Lemma qform_invmx_Z_le x : qform (invmx Z) x <= alpha * qform (invmx B) x.
Proof.
have aZs : symmx (alpha *: Z) by rewrite /symmx linearZ /= Zs.
have ai_gt0 : 0 < alpha^-1 by rewrite invr_gt0 alpha_gt0.
have := qform_invmx_le x aZs Bpd.
rewrite qform_invmxZ ?gt_eqF ?alpha_gt0 ?(pdmx_unit Z_pd) //.
move=> le_inv; rewrite -(ler_pM2l ai_gt0) mulKf ?gt_eqF ?alpha_gt0 //; apply: le_inv => y.
by rewrite qform_shift qformZ lerBlDr lerDl mulr_ge0 ?shift_ge0 ?sqnorm_ge0.
Qed.

(* [B - Z / lam = ((alpha lam - l - 1) Z + l (Z - lam I)) / lam] is positive semidefinite *)
Lemma qform_invmx_shift_le x : qform (invmx B) x <= lam * qform (invmx Z) x.
Proof.
have lam_gt0 := lambda_min_gt0; have Z_pos := Z_pd.2.
have lZpd : pdmx (lam^-1 *: Z).
  split; first by rewrite /symmx linearZ /= Zs.
  by move=> y /Z_pos Zy; rewrite -/(qform _ y) qformZ pmulr_rgt0 // invr_gt0.
have := qform_invmx_le x Bpd.1 lZpd.
rewrite qform_invmxZ ?invr_eq0 ?gt_eqF ?(pdmx_unit Z_pd) // invrK; apply=> y.
rewrite qformZ qform_shift -(ler_pM2l lam_gt0) mulrA mulfV ?gt_eqF // mul1r.
have Zy := qform_Z_ge_lambda_min y.
have Zy_ge0 : 0 <= qform Z y := (pdmx_psdmx Z_pd).2 y.
have := shift_ge1; have := shift_ge0; nra.
Qed.

End ShiftedInverse.

Theorem lemma4p13 (R : rcfType) (d n : nat) (v : 'I_n -> 'cV[R]_d)
  (Z : 'M[R]_d) (l lam : R) (S : 'M[R]_d) :
  symmx Z ->
  psdmx (Z - (4%:R)^-1%:M) ->
  let alpha := 8%:R * Num.sqrt (d%:R) in
  let A := invmx (alpha *: Z - l%:M) *m invmx (alpha *: Z - l%:M) in
  pdmx (alpha *: Z - l%:M) ->
  \tr A = 1 ->
  is_lambda_min Z lam ->
  is_psd_sqrt A S ->
  forall i : 'I_n,
    mxinner (v i *m (v i)^T) (invmx Z)
      <= alpha * mxinner (v i *m (v i)^T) S
    /\ alpha * mxinner (v i *m (v i)^T) S
      <= alpha * lam * mxinner (v i *m (v i)^T) (invmx Z).
Proof.
move=> Zs Z_ge alpha A Bpd trA lam_min [Spsd SS] i.
have -> : S = invmx (alpha *: Z - l%:M) := psdmx_sqrt_unique Spsd (pdmx_invmx Bpd) SS.
have alpha_ge0 : 0 <= alpha by rewrite mulr_ge0 ?sqrtr_ge0.
have alpha_large : d%:R <= (alpha / 4%:R) ^+ 2.
  have -> : alpha / 4%:R = 2%:R * Num.sqrt d%:R by rewrite /alpha; field.
  by rewrite exprMn sqr_sqrtr //; have := ler0n R d; lra.
rewrite /mxinner !mxtrace_outer_mul; split.
  exact: qform_invmx_Z_le Zs Z_ge alpha_ge0 alpha_large Bpd trA lam_min _.
rewrite -mulrA ler_wpM2l //.
exact: qform_invmx_shift_le Zs Z_ge alpha_ge0 alpha_large Bpd trA lam_min _.
Qed.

::::::

THE PROBLEM:
Every line of the data above belongs in the answer, unchanged.

SOLUTION FOR THIS PROBLEM:
Lemma qform_invmx_Z_le x : qform (invmx Z) x <= alpha * qform (invmx B) x.
Proof.
have aZs : symmx (alpha *: Z) by rewrite /symmx linearZ /= Zs.
have ai_gt0 : 0 < alpha^-1 by rewrite invr_gt0 alpha_gt0.
have := qform_invmx_le x aZs Bpd.
rewrite qform_invmxZ ?gt_eqF ?alpha_gt0 ?(pdmx_unit Z_pd) //.
move=> le_inv; rewrite -(ler_pM2l ai_gt0) mulKf ?gt_eqF ?alpha_gt0 //; apply: le_inv => y.
by rewrite qform_shift qformZ lerBlDr lerDl mulr_ge0 ?shift_ge0 ?sqnorm_ge0.
Qed.

(* [B - Z / lam = ((alpha lam - l - 1) Z + l (Z - lam I)) / lam] is positive semidefinite *)
Lemma qform_invmx_shift_le x : qform (invmx B) x <= lam * qform (invmx Z) x.
Proof.
have lam_gt0 := lambda_min_gt0; have Z_pos := Z_pd.2.
have lZpd : pdmx (lam^-1 *: Z).
  split; first by rewrite /symmx linearZ /= Zs.
  by move=> y /Z_pos Zy; rewrite -/(qform _ y) qformZ pmulr_rgt0 // invr_gt0.
have := qform_invmx_le x Bpd.1 lZpd.
rewrite qform_invmxZ ?invr_eq0 ?gt_eqF ?(pdmx_unit Z_pd) // invrK; apply=> y.
rewrite qformZ qform_shift -(ler_pM2l lam_gt0) mulrA mulfV ?gt_eqF // mul1r.
have Zy := qform_Z_ge_lambda_min y.
have Zy_ge0 : 0 <= qform Z y := (pdmx_psdmx Z_pd).2 y.
have := shift_ge1; have := shift_ge0; nra.
Qed.

End ShiftedInverse.

Theorem lemma4p13 (R : rcfType) (d n : nat) (v : 'I_n -> 'cV[R]_d)
  (Z : 'M[R]_d) (l lam : R) (S : 'M[R]_d) :
  symmx Z ->
  psdmx (Z - (4%:R)^-1%:M) ->
  let alpha := 8%:R * Num.sqrt (d%:R) in
  let A := invmx (alpha *: Z - l%:M) *m invmx (alpha *: Z - l%:M) in
  pdmx (alpha *: Z - l%:M) ->
  \tr A = 1 ->
  is_lambda_min Z lam ->
  is_psd_sqrt A S ->
  forall i : 'I_n,
    mxinner (v i *m (v i)^T) (invmx Z)
      <= alpha * mxinner (v i *m (v i)^T) S
    /\ alpha * mxinner (v i *m (v i)^T) S
      <= alpha * lam * mxinner (v i *m (v i)^T) (invmx Z).
Proof.
move=> Zs Z_ge alpha A Bpd trA lam_min [Spsd SS] i.
have -> : S = invmx (alpha *: Z - l%:M) := psdmx_sqrt_unique Spsd (pdmx_invmx Bpd) SS.
have alpha_ge0 : 0 <= alpha by rewrite mulr_ge0 ?sqrtr_ge0.
have alpha_large : d%:R <= (alpha / 4%:R) ^+ 2.
  have -> : alpha / 4%:R = 2%:R * Num.sqrt d%:R by rewrite /alpha; field.
  by rewrite exprMn sqr_sqrtr //; have := ler0n R d; lra.
rewrite /mxinner !mxtrace_outer_mul; split.
  exact: qform_invmx_Z_le Zs Z_ge alpha_ge0 alpha_large Bpd trA lam_min _.
rewrite -mulrA ler_wpM2l //.
exact: qform_invmx_shift_le Zs Z_ge alpha_ge0 alpha_large Bpd trA lam_min _.
Qed.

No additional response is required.